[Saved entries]
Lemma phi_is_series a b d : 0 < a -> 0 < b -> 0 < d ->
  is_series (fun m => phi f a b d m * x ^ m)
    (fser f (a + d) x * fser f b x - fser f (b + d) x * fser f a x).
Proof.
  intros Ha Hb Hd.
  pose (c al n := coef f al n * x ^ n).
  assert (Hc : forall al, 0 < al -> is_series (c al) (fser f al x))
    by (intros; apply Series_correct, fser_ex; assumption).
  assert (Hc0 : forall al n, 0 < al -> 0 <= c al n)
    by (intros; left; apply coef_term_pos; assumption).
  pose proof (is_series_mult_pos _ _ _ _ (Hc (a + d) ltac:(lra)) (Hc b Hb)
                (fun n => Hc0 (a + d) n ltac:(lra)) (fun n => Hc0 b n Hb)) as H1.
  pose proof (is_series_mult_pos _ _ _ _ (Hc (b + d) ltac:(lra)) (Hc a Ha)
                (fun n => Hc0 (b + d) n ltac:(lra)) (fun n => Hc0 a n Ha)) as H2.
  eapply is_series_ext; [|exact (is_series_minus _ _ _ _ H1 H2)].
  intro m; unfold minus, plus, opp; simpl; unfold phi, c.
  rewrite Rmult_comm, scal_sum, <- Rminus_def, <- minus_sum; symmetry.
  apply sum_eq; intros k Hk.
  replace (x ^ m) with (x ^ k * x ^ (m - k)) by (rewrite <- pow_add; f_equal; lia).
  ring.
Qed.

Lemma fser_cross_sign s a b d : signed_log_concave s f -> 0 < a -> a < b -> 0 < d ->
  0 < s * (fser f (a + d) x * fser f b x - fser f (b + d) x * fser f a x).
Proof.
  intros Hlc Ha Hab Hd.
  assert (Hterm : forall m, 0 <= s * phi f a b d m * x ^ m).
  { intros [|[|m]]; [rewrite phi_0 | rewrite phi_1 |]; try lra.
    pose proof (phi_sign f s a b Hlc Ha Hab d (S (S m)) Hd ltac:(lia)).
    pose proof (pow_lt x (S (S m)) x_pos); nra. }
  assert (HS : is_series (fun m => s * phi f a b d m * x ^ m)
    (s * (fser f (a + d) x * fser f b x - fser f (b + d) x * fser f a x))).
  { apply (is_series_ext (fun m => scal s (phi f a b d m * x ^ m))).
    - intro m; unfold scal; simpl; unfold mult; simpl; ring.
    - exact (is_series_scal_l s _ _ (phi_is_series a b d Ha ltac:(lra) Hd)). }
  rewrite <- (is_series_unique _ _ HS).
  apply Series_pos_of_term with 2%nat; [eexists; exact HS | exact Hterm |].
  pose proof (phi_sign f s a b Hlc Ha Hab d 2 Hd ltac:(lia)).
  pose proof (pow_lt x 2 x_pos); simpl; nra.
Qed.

==

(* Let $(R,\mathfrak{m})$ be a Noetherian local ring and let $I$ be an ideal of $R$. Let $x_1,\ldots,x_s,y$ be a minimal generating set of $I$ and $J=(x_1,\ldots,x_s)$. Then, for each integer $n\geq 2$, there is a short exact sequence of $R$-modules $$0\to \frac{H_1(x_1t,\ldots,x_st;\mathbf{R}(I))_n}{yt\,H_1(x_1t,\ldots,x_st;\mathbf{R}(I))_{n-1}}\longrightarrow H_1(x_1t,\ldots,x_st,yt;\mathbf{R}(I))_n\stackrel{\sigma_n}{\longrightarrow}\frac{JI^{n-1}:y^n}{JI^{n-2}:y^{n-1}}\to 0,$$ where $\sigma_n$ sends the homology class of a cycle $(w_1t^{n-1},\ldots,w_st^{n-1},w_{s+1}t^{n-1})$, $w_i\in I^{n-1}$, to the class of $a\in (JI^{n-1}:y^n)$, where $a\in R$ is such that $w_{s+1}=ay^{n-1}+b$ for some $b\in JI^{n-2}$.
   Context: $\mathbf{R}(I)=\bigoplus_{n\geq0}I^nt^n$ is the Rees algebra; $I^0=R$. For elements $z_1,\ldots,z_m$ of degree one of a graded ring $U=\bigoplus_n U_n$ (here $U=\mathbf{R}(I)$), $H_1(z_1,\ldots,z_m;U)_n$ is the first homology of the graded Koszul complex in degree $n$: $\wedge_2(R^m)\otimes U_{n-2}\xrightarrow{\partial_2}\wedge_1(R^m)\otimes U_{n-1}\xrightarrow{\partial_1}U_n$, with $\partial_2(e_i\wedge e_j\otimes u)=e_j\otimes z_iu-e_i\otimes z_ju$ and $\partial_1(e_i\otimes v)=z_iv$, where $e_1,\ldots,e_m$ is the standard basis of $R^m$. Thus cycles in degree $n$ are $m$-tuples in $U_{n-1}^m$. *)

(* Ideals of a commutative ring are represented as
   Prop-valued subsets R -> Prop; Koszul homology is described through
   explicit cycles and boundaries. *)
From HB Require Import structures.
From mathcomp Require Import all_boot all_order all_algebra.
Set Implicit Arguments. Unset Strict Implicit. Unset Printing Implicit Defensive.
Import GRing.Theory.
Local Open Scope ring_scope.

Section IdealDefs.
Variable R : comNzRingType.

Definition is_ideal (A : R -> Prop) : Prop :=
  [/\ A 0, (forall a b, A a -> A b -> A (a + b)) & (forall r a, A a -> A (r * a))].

=== WHAT TO WORK ON ===
Retype the records above, but only those lines that fall between the line containing "Lemma phi_is_series a" and the line containing "assert (Hc : forall", with both of those lines included, exactly as written.

=== SOLVED EXERCISE ===
Lemma phi_is_series a b d : 0 < a -> 0 < b -> 0 < d ->
  is_series (fun m => phi f a b d m * x ^ m)
    (fser f (a + d) x * fser f b x - fser f (b + d) x * fser f a x).
Proof.
  intros Ha Hb Hd.
  pose (c al n := coef f al n * x ^ n).
  assert (Hc : forall al, 0 < al -> is_series (c al) (fser f al x))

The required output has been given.